● **WHAT TO PRODUCE**
What is needed is an exact copy of the entries below, from the line that contains "Definition veta (e : vseg) := reta (val e)." through the final line, both included, and nothing else.

Collected data:

(* Let $S_1,S_2$ be two non-empty intervals of extended $\mathbb Z$-segments with $\mathrm{Supp}(S_1)=\mathrm{Supp}(S_2)$. Then: (a) $S_1\cap S_2$ is an interval; (b) there are at most $3$ intervals that are adjacent to $S_1$; (c) if $|S_1|>1$, $|S_2|>1$, $|S_1\cap S_2|=1$, and there exists an interval $S_1'$ adjacent to $S_1$ with $|S_1'\cap S_2|>0$, then $|S_1'\cap S_2|=2$.
   Context: A $\mathbb Z$-segment is $[A,B]=\{A,A-1,\dots,B\}$ with $A\ge B$ integers; its length is $b=A-B+1$. A virtual extended $\mathbb Z$-segment is a triple $([A,B],l,\eta)$ with $l\in\mathbb Z$, $l\le b/2$, and $\eta\in\{\pm1\}$, where if $b=2l$ the values $\eta$ and $-\eta$ are identified (otherwise not). It is an extended $\mathbb Z$-segment if moreover $l\ge0$. Its support is $\mathrm{Supp}=[A,B]$. Two virtual extended $\mathbb Z$-segments $([A_i,B_i],l_i,\eta_i)$ are adjacent if they have the same support and either there are lifts with $\eta_1=\eta_2$ and $|l_1-l_2|=1$, or $b$ is odd, $l_1=l_2=(b-1)/2$ and $\eta_1=-\eta_2$. A virtual interval is a finite set $\{\mathfrak e_1,\dots,\mathfrak e_r\}$ ($r\ge0$) of pairwise distinct virtual extended $\mathbb Z$-segments with $\mathfrak e_i$ adjacent to $\mathfrak e_{i+1}$ for all $i$; its support is the common support; an interval is a virtual interval consisting of extended $\mathbb Z$-segments. Two non-empty virtual intervals $S_1,S_2$ are adjacent if $S_1\cup S_2$ is a virtual interval and $|S_1|+1=|S_1\cup S_2|=|S_2|+1$. Two intervals $S_1,S_2$ are adjacent if there exist virtual intervals $S_1^+,S_2^+$ that are adjacent and satisfy $S_i=S_i^+\cap\{\text{extended }\mathbb Z\text{-segments}\}$. *)

From HB Require Import structures.
From mathcomp Require Import all_boot all_order all_algebra.
From mathcomp Require Import finmap.
Set Implicit Arguments. Unset Strict Implicit. Unset Printing Implicit Defensive.
Import Order.TTheory GRing.Theory Num.Theory.
Local Open Scope ring_scope.
Local Open Scope fset_scope.

(* Raw data ([A,B], l, eta) : (A, B, l, eta), with eta = true for +1 and
   eta = false for -1. *)
Definition raw_vseg := (int * int * int * bool)%type.

Definition rA (x : raw_vseg) : int := x.1.1.1.
Definition rB (x : raw_vseg) : int := x.1.1.2.
Definition rl (x : raw_vseg) : int := x.1.2.
Definition reta (x : raw_vseg) : bool := x.2.
Definition rlen (x : raw_vseg) : int := rA x - rB x + 1.

(* Well-formedness: A >= B, l <= b/2, and when b = 2l the identification
   eta ~ -eta is implemented by choosing the canonical representative
   eta = +1 (true). *)
Definition wf_vseg (x : raw_vseg) : bool :=
  [&& rB x <= rA x, 2 * rl x <= rlen x & ((2 * rl x == rlen x) ==> reta x)].

Definition vseg := {x : raw_vseg | wf_vseg x}.

Definition vA (e : vseg) := rA (val e).
Definition vB (e : vseg) := rB (val e).
Definition vl (e : vseg) := rl (val e).
Definition veta (e : vseg) := reta (val e).
Definition vlen (e : vseg) := rlen (val e).
Definition supp (e : vseg) : int * int := (vA e, vB e).

Definition is_ext (e : vseg) : bool := 0 <= vl e.

(* Adjacency of virtual extended Z-segments.  "There are lifts with
   eta1 = eta2": a class with b = 2l contains both signs, so lifts with
   equal signs exist iff b = 2 l1 or b = 2 l2 or the canonical signs agree. *)
Definition vadj (e1 e2 : vseg) : bool :=
  (supp e1 == supp e2) &&
  ( (((2 * vl e1 == vlen e1) || (2 * vl e2 == vlen e2) || (veta e1 == veta e2))
      && (`|vl e1 - vl e2| == 1))
    || [&& ~~ (2 %| `|vlen e1|)%N, 2 * vl e1 == vlen e1 - 1,
           vl e1 == vl e2 & veta e1 != veta e2] ).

● **RESPONSE TO THE TASK**
Definition veta (e : vseg) := reta (val e).
Definition vlen (e : vseg) := rlen (val e).
Definition supp (e : vseg) : int * int := (vA e, vB e).

Definition is_ext (e : vseg) : bool := 0 <= vl e.

(* Adjacency of virtual extended Z-segments.  "There are lifts with
   eta1 = eta2": a class with b = 2l contains both signs, so lifts with
   equal signs exist iff b = 2 l1 or b = 2 l2 or the canonical signs agree. *)
Definition vadj (e1 e2 : vseg) : bool :=
  (supp e1 == supp e2) &&
  ( (((2 * vl e1 == vlen e1) || (2 * vl e2 == vlen e2) || (veta e1 == veta e2))
      && (`|vl e1 - vl e2| == 1))
    || [&& ~~ (2 %| `|vlen e1|)%N, 2 * vl e1 == vlen e1 - 1,
           vl e1 == vl e2 & veta e1 != veta e2] ).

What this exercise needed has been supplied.